Der Deutschlandfunk Kultur hat zu diesem Thema eine Reportage über Paulina und Elias, zwei hörgeschädigte Kinder, veröffentlicht.

Paulina ist 13 und seit ihrer Geburt taub. Sie besucht eine Regelschule mit Dolmetschern und kommt in der Schule gut mit, aber auf dem Pausenhof wird sie ausgeschlossen.

Immer wieder versucht sie, Anschluss zu finden. Sie sucht nach Lücken in Gruppen und geht auf sie zu, doch sie wird ignoriert. Von den 30 Kindern in ihrer Klasse grüßt sie niemand oder lächelt ihr zu.

In der fünften Klasse hatten einige Kinder aus der Klasse Gebärdensprachunterricht. Die gelernten Gebärden nutzen sie jedoch selten, um sich mit Paulina zu unterhalten.

Auch die Situation mit den Dolmetschern ist für ihre Klassenkameraden noch immer befremdlich.

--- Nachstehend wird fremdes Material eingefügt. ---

(* Generators zeta_i (zeta_i^2 = 0) and eps_l (eps_l^2 = eps_l) in the
   commutative real algebra A, such that {zeta_I eps_J} is a basis of A,
   i.e. A is (isomorphic to) Z_n (x) I_m. *)
Definition zetaI (R : realType) (A : comAlgType R) (n : nat)
  (z : 'I_n -> A) (I : {set 'I_n}) : A := \prod_(i in I) z i.
Definition epsJ (R : realType) (A : comAlgType R) (m : nat)
  (eps : 'I_m -> A) (J : {set 'I_m}) : A := \prod_(l in J) eps l.

Definition is_zeon_idem_algebra (R : realType) (A : comAlgType R) (n m : nat)
  (z : 'I_n -> A) (eps : 'I_m -> A) : Prop :=
  [/\ forall i, z i * z i = 0,
      forall l, eps l * eps l = eps l,
      forall c : {set 'I_n} -> {set 'I_m} -> R,
        \sum_(I : {set 'I_n}) \sum_(J : {set 'I_m})
           c I J *: (zetaI z I * epsJ eps J) = 0 ->
        forall I J, c I J = 0
    &
      forall a : A, exists c : {set 'I_n} -> {set 'I_m} -> R,
        a = \sum_(I : {set 'I_n}) \sum_(J : {set 'I_m})
              c I J *: (zetaI z I * epsJ eps J)].

(* X = C diag(eps),  Z = C^T diag(zeta),  Omega = X Z. *)
Definition Xmat (R : realType) (A : comAlgType R) (n m : nat)
  (e : 'I_m -> {set 'I_n}) (eps : 'I_m -> A) : 'M[A]_(n, m) :=
  \matrix_(i < n, l < m) ((i \in e l)%:R * eps l).
Definition Zmat (R : realType) (A : comAlgType R) (n m : nat)
  (e : 'I_m -> {set 'I_n}) (z : 'I_n -> A) : 'M[A]_(m, n) :=
  \matrix_(l < m, j < n) ((j \in e l)%:R * z j).
Definition nil_adj (R : realType) (A : comAlgType R) (n m : nat)
  (e : 'I_m -> {set 'I_n}) (z : 'I_n -> A) (eps : 'I_m -> A) : 'M[A]_n :=
  Xmat e eps *m Zmat e z.

(* A k-walk (u_0, f_1, u_1, ..., f_k, u_k): u : 'I_(k+1) -> V, f : 'I_k -> E,
   where f t (0-indexed) is the hyperedge f_{t+1} joining u_t and u_{t+1}. *)
Definition walk_type (n m k : nat) : finType :=
  ({ffun 'I_k.+1 -> 'I_n} * {ffun 'I_k -> 'I_m})%type.

Definition is_walk (n m k : nat) (e : 'I_m -> {set 'I_n})
  (w : walk_type n m k) : bool :=
  [forall t : 'I_k,
     (w.1 (widen_ord (leqnSn k) t) \in e (w.2 t)) &&
     (w.1 (lift ord0 t) \in e (w.2 t))].

Definition walk_vset (n m k : nat) (w : walk_type n m k) : {set 'I_n} :=
  [set w.1 t | t : 'I_k.+1].
Definition walk_eset (n m k : nat) (w : walk_type n m k) : {set 'I_m} :=
  [set w.2 t | t : 'I_k].

Definition is_path (n m k : nat) (e : 'I_m -> {set 'I_n}) (i j : 'I_n)
  (w : walk_type n m k) : bool :=
  [&& is_walk e w, w.1 ord0 == i, w.1 ord_max == j & injectiveb w.1].

Definition is_cycle (n m k : nat) (e : 'I_m -> {set 'I_n}) (i : 'I_n)
  (w : walk_type n m k) : bool :=
  [&& is_walk e w, w.1 ord0 == i, w.1 ord_max == i &
      [forall s : 'I_k.+1, forall t : 'I_k.+1,
         ((s < k)%N && (t < k)%N && (w.1 s == w.1 t)) ==> (s == t)]].

Definition cycle_vset (n m k : nat) (w : walk_type n m k) : {set 'I_n} :=
  [set w.1 t | t : 'I_k.+1 & (t < k)%N].

Definition omega_path (n m k : nat) (e : 'I_m -> {set 'I_n}) (i j : 'I_n)
  (I : {set 'I_n}) (J : {set 'I_m}) : nat :=
  #|[set w : walk_type n m k | [&& is_path e i j w,
        walk_vset w == I & walk_eset w == J]]|.

Definition omega_cycle (n m k : nat) (e : 'I_m -> {set 'I_n}) (i : 'I_n)
  (I : {set 'I_n}) (J : {set 'I_m}) : nat :=
  #|[set w : walk_type n m k | [&& is_cycle e i w,
        cycle_vset w == I & walk_eset w == J]]|.

From HB Require Import structures.
From mathcomp Require Import all_boot all_order all_algebra.
From mathcomp Require Import reals.
Import GRing.Theory.
Set Implicit Arguments. Unset Strict Implicit. Unset Printing Implicit Defensive.
Local Open Scope ring_scope.

(* Expanding the [k]-th power of [Omega = X Z] entrywise writes [(Omega^k)_ij]
   as a sum over the [k]-walks from [v_i] to [v_j], each weighted by the product
   of the [eps] of its hyperedges and the [zeta] of its vertices [u_1, ..., u_k].
   Idempotency collapses the [eps]-product to [eps_J] for the hyperedge set [J];
   nilsquareness kills every walk with a repeated vertex and turns the other
   [zeta]-products into [zeta_I].  For paths the extra factor [zeta_i] supplies
   [u_0]; for cycles [u_1, ..., u_k] is a rotation of [u_0, ..., u_(k-1)].
   Grouping the surviving walks by [(I, J)] yields the counts [omega_(I,J)]. *)

Section VertexSequences.
Variable (T : finType).

Definition ffcons k (a : T) (u : {ffun 'I_k -> T}) : {ffun 'I_k.+1 -> T} :=
  [ffun s => if unlift ord0 s is Some t then u t else a].

Lemma ffcons0 k a (u : {ffun 'I_k -> T}) : ffcons a u ord0 = a.
Proof. by rewrite ffunE unlift_none. Qed.

Lemma ffcons_lift k a (u : {ffun 'I_k -> T}) t : ffcons a u (lift ord0 t) = u t.
Proof. by rewrite ffunE liftK. Qed.

Lemma ffcons_max k a (u : {ffun 'I_k.+1 -> T}) : ffcons a u ord_max = u ord_max.
Proof.
have -> : ord_max = lift ord0 (ord_max : 'I_k.+1) by apply: val_inj.
exact: ffcons_lift.
Qed.

Definition fftail k (u : {ffun 'I_k.+1 -> T}) : {ffun 'I_k -> T} :=
  [ffun t => u (lift ord0 t)].

Lemma fftail_ffcons k a : cancel (@ffcons k a) (@fftail k).
Proof. by move=> u; apply/ffunP => t; rewrite ffunE ffcons_lift. Qed.

Lemma ffcons_fftail k (u : {ffun 'I_k.+1 -> T}) : ffcons (u ord0) (fftail u) = u.
Proof.
apply/ffunP => s; rewrite ffunE; case: unliftP => [t ->|->] //; exact: ffunE.
Qed.

End VertexSequences.

Section MatrixPowerWalks.
Variables (Rg : pzSemiRingType) (n : nat).

Lemma mx_expr_walks (M : 'M[Rg]_n) k i j :
  (M ^+ k) i j = \sum_(u : {ffun 'I_k.+1 -> 'I_n} | (u ord0 == i) && (u ord_max == j))
     \prod_(t < k) M (u (widen_ord (leqnSn k) t)) (u (lift ord0 t)).
Proof.
elim: k i j => [|k IH] i j.
  rewrite expr0 mxE.
  rewrite (reindex (fun a : 'I_n => [ffun=> a] : {ffun 'I_1 -> 'I_n})) /=; last first.
    exists (fun u => u ord0) => [a|u] _; first by rewrite ffunE.
    by apply/ffunP => s; rewrite ffunE (ord1 s).
  under eq_bigl => a do rewrite !ffunE.
  have [<-|ne] := eqVneq i j.
    by rewrite (big_pred1 i) ?big_ord0 // => a; exact: andbb.
  rewrite big_pred0 // => a; apply/andP => -[/eqP-> ij].
  by rewrite ij in ne.
rewrite exprS -mulmxE mxE (reindex_onto (ffcons i) (@fftail _ _)) /=; last first.
  by move=> u /andP [/eqP <- _]; rewrite ffcons_fftail.
under [RHS]eq_bigl => u do rewrite ffcons0 ffcons_max fftail_ffcons !eqxx andbT /=.
rewrite [RHS](partition_big (fun u : {ffun 'I_k.+1 -> 'I_n} => u ord0) xpredT) //=.
apply: eq_bigr => a _; rewrite IH big_distrr /=.
apply: eq_big => [u|u /andP [/eqP u0 _]]; first by rewrite andbC.
have widen_lift0 (t : 'I_k) :
  widen_ord (leqnSn k.+1) (lift ord0 t) = lift ord0 (widen_ord (leqnSn k) t).
  exact: val_inj.
have widen0 : widen_ord (leqnSn k.+1) ord0 = ord0 by exact: val_inj.
rewrite big_ord_recl ffcons_lift widen0 ffcons0 u0.
by congr (_ * _); apply: eq_bigr => t _; rewrite widen_lift0 !ffcons_lift.
Qed.
End MatrixPowerWalks.

Lemma prodr_natb (Rg : comPzSemiRingType) (I : finType) (P : pred I) :
  \prod_(t : I) ((P t)%:R : Rg) = [forall t, P t]%:R.
Proof.
have [allP|/forallPn [t /negbTE Pt]] := boolP [forall t, P t].
  by rewrite big1 // => t _; rewrite (forallP allP).
by rewrite (bigD1 t) //= Pt mul0r.
Qed.

Section NilsquareIdempotentProducts.
Variables (Rg : comPzSemiRingType) (I T : finType).

Lemma prod_nilsq_comp (z : T -> Rg) (u : I -> T) :
  (forall x, z x * z x = 0) ->
  \prod_(s : I) z (u s) = if injectiveb u then \prod_(x in u @: I) z x else 0.
Proof.
move=> zz; case: injectiveP => [inj|/injectiveP/injectivePn [s [t st ust]]].
  by rewrite big_imset //= => a b _ _ /inj.
by rewrite (bigD1 s) //= (bigD1 t) 1?eq_sym //= mulrA -ust zz mul0r.
Qed.

Lemma idem_expS (x : Rg) k : x * x = x -> x ^+ k.+1 = x.
Proof. by move=> xx; elim: k => [|k IH]; rewrite ?expr1 // exprS IH xx. Qed.

Lemma prod_idem_comp (eps : T -> Rg) (f : I -> T) :
  (forall l, eps l * eps l = eps l) ->
  \prod_(s : I) eps (f s) = \prod_(l in f @: I) eps l.
Proof.
move=> ee; rewrite (partition_big_imset f); apply: eq_bigr => _ /imsetP [s _ ->].
rewrite (eq_bigr (fun=> eps (f s))) => [|t /eqP -> //].
rewrite prodr_const; have : (0 < #|[pred t | f t == f s]|)%N.
  by apply/card_gt0P; exists s; rewrite inE /= eqxx.
by case: #|_| => // k _; rewrite idem_expS.
Qed.

End NilsquareIdempotentProducts.

Section InitialSegment.
Variables (T : finType) (k : nat) (U : 'I_k.+1 -> T).

Lemma imset_ltn_widen :
  [set U s | s : 'I_k.+1 & (s < k)%N] = [set U (widen_ord (leqnSn k) t) | t : 'I_k].
Proof.
apply/setP => x; apply/imsetP/imsetP => [[s]|[t _ ->]].
  by rewrite inE => ltsk ->; exists (Ordinal ltsk) => //; congr U; apply: val_inj.
by exists (widen_ord (leqnSn k) t); rewrite // inE /= ltn_ord.
Qed.

Lemma injectiveb_widenE :
  [forall s : 'I_k.+1, forall t : 'I_k.+1,
     ((s < k)%N && (t < k)%N && (U s == U t)) ==> (s == t)] =
  injectiveb (fun t : 'I_k => U (widen_ord (leqnSn k) t)).
Proof.
apply/forallP/injectiveP => [distinct t1 t2 Ut12|inj s].
  have := forallP (distinct (widen_ord (leqnSn k) t1)) (widen_ord (leqnSn k) t2).
  by rewrite /= !ltn_ord Ut12 eqxx /= => /eqP[] /val_inj.
apply/forallP => t; apply/implyP => /andP [/andP [ltsk ltk] /eqP Ust].
have widenK (r : 'I_k.+1) (ltrk : (r < k)%N) : widen_ord (leqnSn k) (Ordinal ltrk) = r.
  exact: val_inj.
apply/eqP; rewrite -(widenK s ltsk) -(widenK t ltk).
by rewrite (inj (Ordinal ltsk) (Ordinal ltk)) // !widenK.
Qed.

End InitialSegment.

Section ClosedSequence.
Variables (T : finType) (k : nat) (U : 'I_k.+2 -> T).
Hypothesis closedU : U ord0 = U ord_max.

Lemma lift0_ordS t : U (lift ord0 t) = U (widen_ord (leqnSn k.+1) (ordS t)).
Proof.
have [ltk|lekt] := ltnP t k.
  by congr U; apply: val_inj; rewrite /= modn_small.
have tk : nat_of_ord t = k by apply/eqP; rewrite eqn_leq lekt -ltnS ltn_ord.
rewrite (_ : widen_ord _ _ = ord0); last first.
  by apply: val_inj; rewrite /= tk modnn.
by rewrite closedU; congr U; apply: val_inj; rewrite /= tk.
Qed.

Lemma imset_lift0_closed :
  [set U (lift ord0 t) | t : 'I_k.+1] = [set U s | s : 'I_k.+2 & (s < k.+1)%N].
Proof.
rewrite imset_ltn_widen; apply/setP => x.
apply/imsetP/imsetP => [[t _ ->]|[t _ ->]].
  by exists (ordS t); rewrite ?lift0_ordS.
by exists (ord_pred t); rewrite // lift0_ordS ord_predK.
Qed.

Lemma injectiveb_lift0_closed :
  injectiveb (fun t : 'I_k.+1 => U (lift ord0 t)) =
  [forall s : 'I_k.+2, forall t : 'I_k.+2,
     ((s < k.+1)%N && (t < k.+1)%N && (U s == U t)) ==> (s == t)].
Proof.
rewrite injectiveb_widenE (eq_injectiveb lift0_ordS).
apply/injectiveP/injectiveP => inj t1 t2.
  by rewrite -(ord_predK t1) -(ord_predK t2) => /inj ->.
by move/inj/ordS_inj.
Qed.

End ClosedSequence.

Lemma sum_card_fibres (Rg : pzSemiRingType) (W V E : finType) (Q : pred W)
    (vs : W -> V) (es : W -> E) (P : pred V) (c : V -> E -> Rg) :
  (forall w, Q w -> P (vs w)) ->
  \sum_(I | P I) \sum_(J : E) #|[set w | [&& Q w, vs w == I & es w == J]]|%:R * c I J =
  \sum_(w : W) (Q w)%:R * c (vs w) (es w).
Proof.
have card_mulr (p : pred W) (x : Rg) :
    #|[set w | p w]|%:R * x = \sum_(w : W) (p w)%:R * x.
  rewrite -sum1_card natr_sum mulr_suml big_mkcond; apply: eq_bigr => w _.
  by rewrite inE; case: (p w); rewrite ?mul1r ?mul0r.
move=> QP; under eq_bigr => I _ do under eq_bigr => J _ do rewrite card_mulr.
under eq_bigr => I _ do rewrite exchange_big.
rewrite exchange_big /=; apply: eq_bigr => w _.
have [/QP Pvw|_] /= := boolP (Q w); last first.
  by rewrite mul0r big1 // => I _; rewrite big1 // => J _; rewrite mul0r.
rewrite (bigD1 (vs w)) //= eqxx [X in _ + X]big1 ?addr0; last first.
  by move=> I /andP [_ /negbTE vsI]; rewrite big1 // => J _; rewrite eq_sym vsI mul0r.
rewrite (bigD1 (es w)) //= eqxx [X in _ + X]big1 ?addr0 ?mul1r //.
by move=> J /negbTE esJ; rewrite eq_sym esJ mul0r.
Qed.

Sie fühlen sich unwohl, immer über einen Dolmetscher mit Paulina zu reden. Ihnen fehlt die Privatsphäre, außerdem ist durch die Dolmetscher immer eine erwachsene Person dabei.

Im Kindergarten war das anders, die Kinder akzeptierten die Dolmetscher als Sprachrohr und gingen viel ungezwungener mit Paulina um.

Bei ihrer Familie fühlt sich Paulina sehr wohl. Sie sieht ihre Eltern und ihre Geschwister jeden Tag und hat ein inniges Verhältnis zu ihnen. Alle können gebärden, die Mutter übersetzt, wenn die Geschwister gerade keine Hand frei haben. Beim Essen spricht oder gebärdet immer nur einer, und abends sitzen alle gemeinsam auf dem Sofa und gebärden sich Bücher vor.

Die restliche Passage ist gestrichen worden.